In this product, the API is dissolved through the addition of cyclodextrin. The solubilizing effect of cyclodextrin on Itraconazole is not linear relative to concentration, thus the dilution of cyclodextrin leads to a fast precipitation of the drug. This is why, initially, it was suggested to patients to assume the sirup without drinking any water for the following hour. In a small clinical study, Berben et al.[3] demonstrated that the assumption of water together with Sporanox®, on the contrary, has no influence on the circulating levels of itraconazole after administration. This is explained by the fact that, even though the solute fraction of itraconazole in the duodenum after co-administration of water is in fact severely reduced, most of the undiluted product in the duodenum is complexed by cyclodextrin and cannot permeate.

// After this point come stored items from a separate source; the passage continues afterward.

Lemma swapn_inW n w : W w -> W (mapkeys (swapn n) w).
Proof.
move=> [l [Hl ->]]; exists [seq (swapn n p.1, mapkeys (swapn n) p.2) | p <- l]; split.
  move=> _ /mapP[p /Hl[pm hp] ->] /=; split; first exact: perm_trans (perm_swapn _ _) pm.
  by apply: homog_mapkeys => // s; rewrite size_swapn.
rewrite (lin_sum (mapkeys_is_linear _)) big_map; apply: eq_big_seq => p /Hl[pm hp].
have sp : size p.1 = d by rewrite (perm_size pm).
by rewrite (swapn_vact act d n _ _ (homogU _ _ sp) hp) mapkeysU.
Qed.

Theorem flip_extends_to_A_module :
  extends_to_A_module mulb oneB act 0 (ptens [:: oneB; oneB]) d mu.
Proof.
have hW w : W w -> homog d w by apply: homog_inW.
have vact_embR i w : (1 <= i <= d.-1)%N -> homog d w ->
    vact act w (emb oneB d i (ptens [:: oneB; oneB])) = w.
  by move=> hi hw; rewrite emb_ones // (vact_ones_homog _ _ Vunit _ _ hw).
have vact_embS i w : vact act w (emb oneB d i 0) = 0.
  by rewrite emb0 (lin0 (vact_linr _ _)).
exists sigma_i; split; [|split; [|split; [|split; [|split; [|split]]]]].
- by move=> i _ w /(swapn_inW i.-1).
- by move=> i _ a w w' _ _; rewrite /sigma_i mapkeys_is_linear.
- move=> i hi nu pm; rewrite /sigma_i mapkeysU vact_embS addr0 vact_embR //.
    by case: ifP.
  by apply: homogU; rewrite size_swapn (perm_size pm).
- move=> k k1 kd w Ww; rewrite /sigma_i !mapkeys_comp; apply: eq_mapkeys => s /(hW w Ww) sd.
  by rewrite -(prednK k1); apply: swapn_braid; lia.
- move=> i j /andP[i1 _] /andP[j1 _] ij w _; rewrite /sigma_i !mapkeys_comp.
  by apply: eq_mapkeys => s _; case/orP: ij => ij; [|symmetry]; apply: swapnC; lia.
- move=> i hi w Ww; have hw := hW w Ww.
  rewrite [X in _ + X](vact_embR _ _ hi hw) [X in sigma_i _ X + _]vact_embS.
  rewrite /sigma_i (lin0 (mapkeys_is_linear _)).
  by rewrite add0r mapkeys_comp mapkeys_id // => s _; apply: swapnK.
- move=> i hi b hb w Ww; have hsb : homog d (sigma_i i b).
    by apply: homog_mapkeys => // s; rewrite size_swapn.
  rewrite /sigma_i (swapn_vact act d _ _ _ (hW w Ww) hsb).
  by rewrite mapkeys_comp (mapkeys_id _ b) // => s _; apply: swapnK.
Qed.
End FlipModule.

Theorem proposition7p3
  (K : comNzRingType)
  (* B: free K-module with basis (b_j)_{j in J}, associative unital *)
  (J : choiceType) (mulb : J -> J -> {malg K[J]}) (oneB : {malg K[J]})
  (Bassoc : forall x y z : {malg K[J]},
     bmul mulb (bmul mulb x y) z = bmul mulb x (bmul mulb y z))
  (Bunitl : forall x, bmul mulb oneB x = x)
  (Bunitr : forall x, bmul mulb x oneB = x)
  (* V_B: right B-module with K-basis (v_i)_{i in I}, I totally ordered *)
  (dI : Order.disp_t) (I : orderType dI) (act : I -> J -> {malg K[I]})
  (Vassoc : forall (v : {malg K[I]}) x y,
     vactB act (vactB act v x) y = vactB act v (bmul mulb x y))
  (Vunit : forall v, vactB act v oneB = v)
  (* parameters S, R in B (x) B; sigma = flip; rho = 0 *)
  (S R : {malg K[seq J]}) (homS : homog 2 S) (homR : homog 2 R)
  (* (C3) *)
  (C3a : tmul mulb (sigma_i 1 S) S + sigma_i 1 R = tmul mulb S S + R)
  (C3b : tmul mulb (sigma_i 1 S) R = tmul mulb S R)
  (* (C4) *)
  (C4a : forall a, homog 2 a ->
     tmul mulb (sigma_i 1 (sigma_i 1 a)) S = tmul mulb S (sigma_i 1 a))
  (C4b : forall a, homog 2 a ->
     tmul mulb (sigma_i 1 (sigma_i 1 a)) R = tmul mulb R a)
  (* (C8) in B^{(x)3} *)
  (C8S1 : emb oneB 3 1 S = sigma_i 2 (sigma_i 1 (emb oneB 3 2 S)))
  (C8S2 : emb oneB 3 2 S = sigma_i 1 (sigma_i 2 (emb oneB 3 1 S)))
  (C8R1 : emb oneB 3 1 R = sigma_i 2 (sigma_i 1 (emb oneB 3 2 R)))
  (C8R2 : emb oneB 3 2 R = sigma_i 1 (sigma_i 2 (emb oneB 3 1 R)))
  (d : nat) (hd : (2 <= d)%N)
  (mu : seq I) (size_mu : size mu = d) (mu_incr : sorted (fun x y => (x < y)%O) mu) :
  (* (a) *)
  (forall eps : J -> K,
     (forall j j', epsB eps (mulb j j') = eps j * eps j') ->
     epsB eps oneB = 1 ->
     (forall i j, act i j = eps j *: << i >>) ->
     (exists r : K, r ^+ 2 = epsT eps S * r + epsT eps R) ->
     extends_to_A_module mulb oneB act S R d mu)
  /\
  (* (b) *)
  (S = 0 -> R = ptens [:: oneB; oneB] ->
     extends_to_A_module mulb oneB act S R d mu).
Proof.
split=> [eps _ eps1 act_counit _ | -> ->].
  exact: (counit_extends_to_A_module (mulb := mulb) Vunit eps1 act_counit homS homR size_mu
    (lt_sorted_uniq mu_incr)).
exact: flip_extends_to_A_module Vunit size_mu.
Qed.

In the Diamod® we repeated administration, with and without the addition of 240 mL of water and observed both the same dynamics in the duodenal lumen and the same effect in the permeated fraction.

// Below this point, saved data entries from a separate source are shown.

Definition GH_continuous_on (a b : R) (f : R -> MetricSpace) : Prop :=
  forall t0, a <= t0 <= b -> forall eps, 0 < eps ->
    exists delta, 0 < delta /\
      forall t, a <= t <= b -> Rabs (t - t0) < delta ->
        Rbar_lt (dGH (f t0) (f t)) (Finite eps).

(** A space [Z] lies on the sphere [S_r(Delta_1)] exactly when its diameter is
    [2 r]: gluing the point at distance [c] to all of [Z] witnesses
    [d_GH(Delta_1, Z) <= c] as soon as [diam Z <= 2 c], and conversely two points
    of [Z] both close to the image of the point are close to each other.

    To join [X] to [Y], fix base points [x0], [y0] and consider, for
    [s] in [[0, 2]], the product [X * Y] with the metric
    [max (wX s * d_X) (wY s * d_Y)], where the weights [(wX s, wY s)] run
    piecewise linearly from [(1, 0)] through [(1, 1)] to [(0, 1)]; a factor of
    weight [0] is collapsed to its base point.  At [s = 0] and [s = 2] this is
    [X] and [Y]; throughout, one weight equals [1], so the diameter stays [2 r].
    Two members [s], [t] both dominate the product metric with the smaller
    weights and exceed it by at most [2 r |s - t|]; gluing along that common
    pseudometric gives [d_GH <= r |s - t|], hence continuity. *)

From Pilot Require Import Defs.
From Stdlib Require Import Reals Lra ProofIrrelevance Classical.
From Coquelicot Require Import Coquelicot.
Open Scope R_scope.

(* Stdlib's [Reals] also exports a [dist]. *)
Notation mdist := Pilot.Defs.dist.

Lemma Glb_Rbar_le_mem (E : R -> Prop) c : E c -> Rbar_le (Glb_Rbar E) (Finite c).
Proof. intros Hc. exact (proj1 (Glb_Rbar_correct E) c Hc). Qed.

Lemma Glb_Rbar_ge_lb (E : R -> Prop) x :
  (forall h, E h -> x <= h) -> Rbar_le (Finite x) (Glb_Rbar E).
Proof. intros Hx. apply (proj2 (Glb_Rbar_correct E)). exact Hx. Qed.

Lemma Glb_Rbar_approx (E : R -> Prop) x eps :
  Rbar_le (Glb_Rbar E) (Finite x) -> 0 < eps -> exists h, E h /\ h < x + eps.
Proof.
  intros Hx Heps. apply NNPP. intros Hnone.
  assert (Hlb : Rbar_le (Finite (x + eps)) (Glb_Rbar E)).
  { apply Glb_Rbar_ge_lb. intros h Hh. apply Rnot_lt_le. intros Hlt.
    apply Hnone. eauto. }
  destruct (Glb_Rbar E); simpl in *; lra.
Qed.

Lemma Rbar_le_of_forall_gt (G : Rbar) x :
  (forall c, x < c -> Rbar_le G (Finite c)) -> Rbar_le G (Finite x).
Proof.
  intros H. destruct G as [g | |]; simpl in *; auto.
  - apply Rnot_lt_le. intros Hlt. specialize (H ((g + x) / 2)). simpl in H. lra.
  - apply (H (x + 1)). lra.
Qed.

The chart (Figure 2) shows that the conventional, static permeation models predict a huge difference in itraconazole bioavailability between administration of Sporanox® alone or the co-administration with water, while this is not observed in vivo. Instead, the level measured with the Diamod® is clearly similar to the in vivo data obtained by Berben. This demonstrates the ability of the Diamod® system, thanks to its interconnected dissolution and permeation, to distinguish between apparent and molecular solubility, and to predict the bioavailable fraction in a correct way, compared to conventional devices. Such data could have been a much better input, for instance for PBPK modelling.
“With Diamod® we get better insights than with in vivo studies, because we can monitor the behavior of our drug not only in plasma, but also in the GIT lumen”
[T.F.]
“When we perform a clinical study, we dose healthy volunteers. But we have no idea of how our drug will perform in the target patient population. With Diamod® we can tweak parameters and simulate, for instance, hypochlorhydria”
[P.B.]
“With Diamod® cycles of development have significantly improved. We get results in a couple of weeks, instead of a couple of months. And costs are so much lower…”
[J.S.]
[1] Moens F., et al. (2023). International Journal of Pharmaceutics: X 5 : 100177.
[2] Berben P., et al. (2017). International Journal of Pharmaceutics 526: 235-243.
[3] Dahan A., et al. (2016). Adv Drug Deliv Rev. 101:99-107.